L'église abbatiale Saint-Pierre,1 datant principalement du XIIIe siècle, contient, outre quelques beaux vitraux, 12 représentations des apôtres en émail, exécutées vers 1547 par Léonard Limosin. D'autres églises notables à Chartres sont Saint-Aignan (XIIIe, XVIe et XVIIe siècles) et Saint-Martin-au-Val (XIIe siècle, pour lesquels la ville environnante a financé les vitraux.

Musées:

  • Musée des Beaux-Arts, musée des beaux-arts (situé près de la cathédrale de Chartres) installé dans l'ancien palais épiscopal
  • Musée Le Grenier de l'Histoire, musée d'histoire spécialisé dans les uniformes et les accessoires militaires
  • Le Centre International du Vitrail, un atelier-musée et centre culturel consacré à l'art du vitrail
  • Musée des sciences naturelles et de la préhistoire, Musée des sciences naturelles et de la préhistoire
  • Conservatoire du Machinisme et des Pratiques Agricoles, un musée agricole

La rivière Eure, qui à ce stade se divise en trois branches, est traversée par plusieurs ponts, dont certains anciens, et est bordée par endroits par les vestiges des anciennes fortifications, dont la porte Guillaume (XIVe siècle), une passerelle flanquée par tours, est le spécimen le plus complet. Les rues étroites et raides de la vieille ville contrastent avec les larges boulevards ombragés qui l'encerclent et la séparent de la banlieue.

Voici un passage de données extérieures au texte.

Lemma dot_normalize v :
  0 < vnorm v -> dot (vscal (/ vnorm v) v) (vscal (/ vnorm v) v) = 1.
Proof.
  intros H. rewrite dot_scal_l, dot_scal_r.
  replace (dot v v) with (vnorm v * vnorm v)
    by (unfold vnorm; rewrite sqrt_sqrt; [reflexivity|left; now apply dot_self_pos]).
  field. lra.
Qed.

Lemma Derive_shift f x c : Derive (fun y => f (y + c)) x = Derive f (x + c).
Proof.
  unfold Derive. f_equal. apply Lim_ext. intros h.
  replace (x + h + c) with (x + c + h) by ring. reflexivity.
Qed.

Definition vderive (F : R -> V3) (x : R) : V3 :=
  mk3 (Derive (fun y => vx (F y)) x) (Derive (fun y => vy (F y)) x)
      (Derive (fun y => vz (F y)) x).

Definition ex_vderive (F : R -> V3) (x : R) : Prop :=
  ex_derive (fun y => vx (F y)) x /\ ex_derive (fun y => vy (F y)) x /\
  ex_derive (fun y => vz (F y)) x.

Lemma vderive_add F G x : ex_vderive F x -> ex_vderive G x ->
  vderive (fun y => vadd (F y) (G y)) x = vadd (vderive F x) (vderive G x).
Proof.
  intros (F1 & F2 & F3) (G1 & G2 & G3).
  unfold vderive, vadd, mk3, vx, vy, vz in *; simpl.
  f_equal; [f_equal|]; apply Derive_plus; assumption.
Qed.

Lemma vderive_scal (c : R -> R) F x : ex_derive c x -> ex_vderive F x ->
  vderive (fun y => vscal (c y) (F y)) x =
  vadd (vscal (Derive c x) (F x)) (vscal (c x) (vderive F x)).
Proof.
  intros Hc (F1 & F2 & F3).
  unfold vderive, vscal, vadd, mk3, vx, vy, vz in *; simpl.
  f_equal; [f_equal|]; apply Derive_mult; assumption.
Qed.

Chartres est un lieu de pèlerinage chrétien depuis le Moyen Âge. Le poète Charles Péguy (1873-1914) a relancé la route de pèlerinage entre Paris et Chartres avant la Première Guerre mondiale. Après la guerre, certains étudiants ont poursuivi le pèlerinage en sa mémoire. Depuis les années 80, l'association Notre-Dame de Chrétienté, avec des bureaux à Versailles, organise à pied le pèlerinage annuel de 100 km de la cathédrale Notre-Dame de Paris à la cathédrale Notre-Dame de Chartres. Environ 15 000 pèlerins, pour la plupart des jeunes familles de toute la France, participent chaque année.

Remarques

  1. ↑ Vue latérale de Saint-Pierre www.wannabi.com. Récupéré le 5 février 2008.

Les références

  • Favier, Jean. Le monde de Chartres. Henry N. Abrams, 1990. ISBN 0-8109-1796-3
  • James, John. Les Maîtres Maçons de Chartres. West Grinstead Publications, 1990. ISBN 0646008056
  • -. Les entrepreneurs de Chartres. Mandorla; Nouvelle édition Ed, 1981. ISBN 978-0959600537
  • Markale, Jean. Cathédrale de la Vierge Noire: les druides et les mystères de Chartres. Inner Traditions, 2004. ISBN 978-1594770204
  • Miller, Malcolm. Cathédrale de Chartres. Riverside Book Company, 1997. ISBN 1878351540
  • Strachan, Gordon et Oliver Perceval. Chartres: géométrie sacrée, espace sacré. Floris Books, 2003. ISBN 978-0863153912

Liens externes

Tous les liens ont été récupérés le 7 février 2017.